**AIM OF THE EXERCISE**:
Where in the data does the word "Scope" appear? Find those lines and copy them.

(Stored items)
Definition is_ideal (R : comPzRingType) (P : R -> Prop) : Prop :=
  P 0 /\ (forall x y, P x -> P y -> P (x + y)) /\ (forall r x, P x -> P (r * x)).

Definition is_prime (R : comPzRingType) (P : R -> Prop) : Prop :=
  is_ideal P /\ ~ P 1 /\ (forall x y, P (x * y) -> P x \/ P y).

(* ^a f : Spec S -> Spec R,  Q |-> f^{-1}(Q) *)
Definition comap (R S : comPzRingType) (f : R -> S) (Q : S -> Prop) : R -> Prop :=
  fun r => Q (f r).

Definition going_down (R S : comPzRingType) (f : {rmorphism R -> S}) : Prop :=
  forall (p p' : R -> Prop) (Q : S -> Prop),
    is_prime p -> is_prime p' -> (forall r, p' r -> p r) ->
    is_prime Q -> (forall r, comap f Q r <-> p r) ->
    exists Q' : S -> Prop, is_prime Q' /\ (forall s, Q' s -> Q s) /\
                           (forall r, comap f Q' r <-> p' r).

(* E_P = 0 : every x/1 vanishes in the localization, i.e. s x = 0 for some s ∉ P. *)
Definition localization_zero (R : comPzRingType) (E : lmodType R) (P : R -> Prop) : Prop :=
  forall x : E, exists s : R, ~ P s /\ s *: x = 0.

Definition in_supp (R : comPzRingType) (E : lmodType R) (P : R -> Prop) : Prop :=
  is_prime P /\ ~ localization_zero E P.

Definition module_action (B : comPzRingType) (E : zmodType) (act : B -> E -> E) : Prop :=
  (forall b x y, act b (x + y) = act b x + act b y) /\
  (forall a b x, act (a + b) x = act a x + act b x) /\
  (forall a b x, act (a * b) x = act a (act b x)) /\
  (forall x, act 1 x = x).

Definition finitely_generated_action (B : comPzRingType) (E : zmodType)
    (act : B -> E -> E) : Prop :=
  exists (n : nat) (xs : 'I_n -> E),
    forall x : E, exists bs : 'I_n -> B, x = \sum_(i < n) act (bs i) (xs i).

Definition almost_fg (R : comPzRingType) (E : lmodType R) : Prop :=
  exists (B : comPzRingType) (g : {rmorphism R -> B}) (act : B -> E -> E),
    module_action act /\ (forall r x, act (g r) x = r *: x) /\
    finitely_generated_action act.

(* (T, b) is the tensor product E ⊗_R S, with its S-module structure
   s·(x ⊗ s') = x ⊗ (s s'); b x s stands for x ⊗ s. *)
Definition is_tensor_base_change (R S : comPzRingType) (f : {rmorphism R -> S})
    (E : lmodType R) (T : lmodType S) (b : E -> S -> T) : Prop :=
  (forall x y s, b (x + y) s = b x s + b y s) /\
  (forall x s s', b x (s + s') = b x s + b x s') /\
  (forall r x s, b (r *: x) s = b x (f r * s)) /\
  (forall x s s', b x (s * s') = s *: b x s') /\
  (forall (M : zmodType) (phi : E -> S -> M),
     (forall x y s, phi (x + y) s = phi x s + phi y s) ->
     (forall x s s', phi x (s + s') = phi x s + phi x s') ->
     (forall r x s, phi (r *: x) s = phi x (f r * s)) ->
     exists g : T -> M,
       (forall u v, g (u + v) = g u + g v) /\
       (forall x s, g (b x s) = phi x s) /\
       (forall g' : T -> M, (forall u v, g' (u + v) = g' u + g' v) ->
          (forall x s, g' (b x s) = phi x s) -> forall u, g' u = g u)).

(* If E_p = 0 for p = f⁻¹(Q), every pure tensor x ⊗ s is killed by some f(r) with r ∉ p;
   since pure tensors generate E ⊗ S, (E ⊗ S)_Q = 0.

   Conversely, let E be a finitely generated B-module through g : R → B and x0 nonzero in
   E_p.  The annihilator of x0 in B misses g(R ∖ p), so it lies in a prime P of B avoiding
   g(R ∖ p); then E_P ≠ 0 and Nakayama gives y with y/1 ∉ P E_P.  For p' = g⁻¹(P) ⊆ p the
   image of y in E ⊗ κ(p') is nonzero, and going-down gives a prime Q' ⊆ Q of S over p'.
   A maximal submodule of E that is saturated, contains p'E and misses y (Zorn) has a
   one-dimensional quotient over κ(p'), whence a κ(p')-linear mu : E → κ(Q') with
   mu(y) = 1.  The balanced map (x, s) ↦ mu(x) h(s), for h : S → κ(Q'), sends y ⊗ s to
   h(s) ≠ 0 when s ∉ Q, so y ⊗ 1 survives in (E ⊗ S)_Q. *)

From HB Require Import structures.
From mathcomp Require Import all_boot all_order all_algebra ring.
From mathcomp Require Import boolp classical_sets.
Set Implicit Arguments. Unset Strict Implicit. Unset Printing Implicit Defensive.
Import GRing.Theory.
Local Open Scope ring_scope.
Local Open Scope classical_set_scope.
Local Open Scope quotient_scope.

Lemma Zorn_bigcup_nonempty (T : Type) (P : set (set T)) : P !=set0 ->
  (forall F : set (set T), F `<=` P -> F !=set0 -> total_on F subset ->
    P (\bigcup_(X in F) X)) ->
  exists2 A, P A & forall B, P B -> A `<=` B -> B `<=` A.
Proof.
move=> [X0 PX0] chainP; pose R (A B : {X | P X}) := `[< sval A `<=` sval B >].
have [| | |[A PA] Amax] := @ZL_preorder _ (exist _ X0 PX0) R.
- by move=> ?; exact/asboolP.
- by move=> ? ? ? /asboolP AB /asboolP BC; apply/asboolP; exact: subset_trans BC.
- move=> F Ftot; pose G := [set sval A | A in F].
  have [[_ [A FA _]]|G0] := pselect (G !=set0); last first.
    by exists (exist _ X0 PX0) => A FA; case: G0; exists (sval A), A.
  have GP : G `<=` P by move=> _ [B _ <-]; exact: svalP.
  have Gtot : total_on G subset.
    move=> _ _ [B FB <-] [C FC <-].
    by have [/asboolP|/asboolP] := Ftot _ _ FB FC; [left|right].
  exists (exist _ _ (chainP G GP (ex_intro _ _ (imageP _ FA)) Gtot)) => B FB.
  by apply/asboolP => t Bt; exists (sval B) => //; exact: imageP.
- by exists A => // B PB AB; apply/asboolP/(Amax (exist _ B PB)); exact/asboolP.
Qed.

Section Submodules.
Variables (R : comPzRingType) (V : lmodType R).
Implicit Types (X G M : set V) (I P : set R).

Definition submodule X :=
  X 0 /\ (forall x y, X x -> X y -> X (x + y)) /\ (forall r x, X x -> X (r *: x)).

Lemma submoduleB X x y : submodule X -> X x -> X y -> X (x - y).
Proof. by move=> [_ [XD XZ]] Xx Xy; rewrite -scaleN1r; apply: XD => //; exact: XZ. Qed.

Lemma submodule_sum X n (F : 'I_n -> V) :
  submodule X -> (forall i, X (F i)) -> X (\sum_i F i).
Proof. by move=> [X0 [XD _]] XF; elim/big_ind: _. Qed.

Lemma submodule_bigcup (F : set (set V)) : F `<=` submodule -> F !=set0 ->
  total_on F subset -> submodule (\bigcup_(X in F) X).
Proof.
move=> Fsub [X FX] Ftot; split; first by exists X => //; case: (Fsub X FX).
split=> [x y [Y FY Yx] [Z FZ Zy]|r x [Y FY Yx]]; last first.
  by exists Y => //; case: (Fsub Y FY) => _ [_]; apply.
have [YZ|ZY] := Ftot _ _ FY FZ.
  by exists Z => //; case: (Fsub Z FZ) => _ [+ _]; apply => //; exact: YZ.
by exists Y => //; case: (Fsub Y FY) => _ [+ _]; apply => //; exact: ZY.
Qed.

Inductive span G : set V :=
| span_gen x : G x -> span G x
| span0 : span G 0
| spanD x y : span G x -> span G y -> span G (x + y)
| spanZ r x : span G x -> span G (r *: x).

Lemma span_submodule G : submodule (span G).
Proof. by split; [exact: span0 | split; [exact: spanD | exact: spanZ]]. Qed.

Lemma span_min G X : submodule X -> G `<=` X -> span G `<=` X.
Proof.
move=> [X0 [XD XZ]] GX x.
by elim=> [y /GX //|//|y z _ Xy _ Xz|r y _ Xy]; [exact: XD | exact: XZ].
Qed.

Definition ideal_smul I M : set V :=
  span (fun z => exists p w, [/\ I p, M w & z = p *: w]).

(* The preimage in [V] of the localization [X_P]. *)
Definition saturation P X : set V := fun z => exists2 v, ~ P v & X (v *: z).

Section Saturation.
Variables (P : set R) (X : set V).
Hypothesis P_prime : is_prime P.

Lemma sub_saturation : X `<=` saturation P X.
Proof. by move=> x Xx; exists 1; [case: P_prime => _ [] | rewrite scale1r]. Qed.

Lemma saturation_submodule : submodule X -> submodule (saturation P X).
Proof.
case: P_prime => _ [_ PM] [X0 [XD XZ]]; split; first exact: sub_saturation.
split=> [x y [u Pu Xux] [v Pv Xvy]|r x [u Pu Xux]]; last first.
  by exists u => //; rewrite scalerA mulrC -scalerA; exact: XZ.
exists (u * v); first by move=> /PM [].
by rewrite scalerDr {1}mulrC -!scalerA; apply: XD; exact: XZ.
Qed.

Lemma saturation_idem : saturation P (saturation P X) `<=` saturation P X.
Proof.
case: P_prime => _ [_ PM] x [u Pu [v Pv Xvux]].
by exists (v * u); [move=> /PM [] | rewrite -scalerA].
Qed.

End Saturation.
End Submodules.

Section Nakayama.
Variables (B : comPzRingType) (V : lmodType B) (P : set B) (n : nat) (xs : 'I_n -> V).
Hypotheses (P_prime : is_prime P)
  (xs_gen : forall x, exists bs : 'I_n -> B, x = \sum_i bs i *: xs i).

Definition span_from k := span (fun z => exists2 i : 'I_n, (k <= i)%N & z = xs i).

Let span_from0 x : span_from 0 x.
Proof.
have [bs ->] := xs_gen x; apply: submodule_sum; first exact: span_submodule.
by move=> i; apply/spanZ/span_gen; exists i.
Qed.

Let span_from_n : span_from n `<=` [set 0].
Proof.
apply: span_min => [|x [i ni _]]; last by move: (ltn_ord i); rewrite ltnNge ni.
by split=> //; split=> [x y -> ->|r x ->]; rewrite ?addr0 ?scaler0.
Qed.

Hypothesis PV_dense : forall y : V, saturation P (ideal_smul P setT) y.

Section Step.
Variables (k : nat) (kn : (k < n)%N).
Hypothesis span_from_dense : forall y, saturation P (span_from k) y.
Let xk := xs (Ordinal kn).

Let decomp (I : set B) : set V :=
  fun w => exists z q, [/\ span_from k.+1 z, I q & w = z + q *: xk].

Let decomp_submodule I : is_ideal I -> submodule (decomp I).
Proof.
move=> [I0 [ID IM]]; split; first by exists 0, 0; rewrite scale0r addr0; split=> //; exact: span0.
split=> [x y [z [q [Sz Iq ->]]] [z' [q' [Sz' Iq' ->]]]|r x [z [q [Sz Iq ->]]]].
  by exists (z + z'), (q + q'); split; [exact: spanD | exact: ID | rewrite scalerDl addrACA].
by exists (r *: z), (r * q); split; [exact: spanZ | exact: IM | rewrite scalerDr scalerA].
Qed.

Let span_from_decomp : span_from k `<=` decomp setT.
Proof.
apply: span_min; first by apply: decomp_submodule.
move=> _ [i ki ->]; have [ik|ik] := eqVneq (i : nat) k.
  by exists 0, 1; rewrite scale1r add0r; split=> //; [exact: span0 | congr xs; exact: val_inj].
exists (xs i), 0; rewrite scale0r addr0; split=> //.
by apply: span_gen; exists i => //; rewrite ltn_neqAle eq_sym ik.
Qed.

Let ideal_smul_span_from_decomp : ideal_smul P (span_from k) `<=` decomp P.
Proof.
apply: span_min; first by apply: decomp_submodule; case: P_prime.
move=> _ [p [w [Pp /span_from_decomp [z [q [Sz _ ->]]] ->]]].
exists (p *: z), (p * q); split; first exact: spanZ.
  by rewrite mulrC; case: P_prime => [[_ [_ PM]] _]; exact: PM.
by rewrite scalerDr scalerA.
Qed.

Let ideal_smul_saturation :
  ideal_smul P setT `<=` saturation P (ideal_smul P (span_from k)).
Proof.
apply: span_min; first exact/saturation_submodule/span_submodule.
move=> _ [p [w [Pp _ ->]]]; have [v Pv Sw] := span_from_dense w.
by exists v => //; rewrite scalerA mulrC -scalerA; apply: span_gen; exists p, (v *: w).
Qed.

Let xk_saturation : saturation P (span_from k.+1) xk.
Proof.
have [u Pu /ideal_smul_saturation [v Pv]] := PV_dense xk.
rewrite scalerA => /ideal_smul_span_from_decomp [z [q [Sz Pq vuxk]]].
exists (v * u - q); last by rewrite scalerBl vuxk addrK.
case: P_prime => [[_ [PD _]] [_ PM]] Pvuq.
by move: (PD _ _ Pvuq Pq); rewrite subrK => /PM [].
Qed.

Let span_from_saturation : span_from k `<=` saturation P (span_from k.+1).
Proof.
apply: span_min; first exact/saturation_submodule/span_submodule.
move=> _ [i ki ->]; have [ik|ik] := eqVneq (i : nat) k.
  by rewrite (_ : i = Ordinal kn); [exact: xk_saturation | exact: val_inj].
by apply/sub_saturation/span_gen => //; exists i => //; rewrite ltn_neqAle eq_sym ik.
Qed.

Lemma saturation_span_fromS y : saturation P (span_from k.+1) y.
Proof.
have [v Pv /span_from_saturation Svy] := span_from_dense y.
by apply: (saturation_idem P_prime); exists v.
Qed.

End Step.

Lemma nakayama_localization_zero : localization_zero V P.
Proof.
have sat_all k : (k <= n)%N -> forall y, saturation P (span_from k) y.
  elim: k => [_ y|k IHk kn]; first exact/(sub_saturation P_prime)/span_from0.
  exact: (saturation_span_fromS kn (IHk (ltnW kn))).
by move=> y; have [v Pv /span_from_n vy0] := sat_all n (leqnn n) y; exists v.
Qed.

End Nakayama.

Lemma nakayama_residue_nonzero (B : comPzRingType) (V : lmodType B) (P : set B)
    n (xs : 'I_n -> V) :
  is_prime P -> (forall x, exists bs : 'I_n -> B, x = \sum_i bs i *: xs i) ->
  ~ localization_zero V P -> exists y : V, ~ saturation P (ideal_smul P setT) y.
Proof.
move=> P_prime xs_gen; apply: contra_notP => PV_dense.
apply: (nakayama_localization_zero P_prime xs_gen) => y.
by apply: contrapT => PVy; apply: PV_dense; exists y.
Qed.

Lemma ideal_add_principal (R : comPzRingType) (A : set R) (x : R) :
  is_ideal A -> is_ideal (fun z => exists p d, A p /\ z = p + d * x).
Proof.
move=> [A0 [AD AM]]; split; first by exists 0, 0; rewrite mul0r addr0.
split=> [_ _ [p [d [Ap ->]]] [p' [d' [Ap' ->]]]|r _ [p [d [Ap ->]]]].
  by exists (p + p'), (d + d'); split; [exact: AD | ring].
by exists (r * p), (r * d); split; [exact: AM | ring].
Qed.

**ANSWER SECTION**:
Local Open Scope ring_scope.
Local Open Scope classical_set_scope.
Local Open Scope quotient_scope.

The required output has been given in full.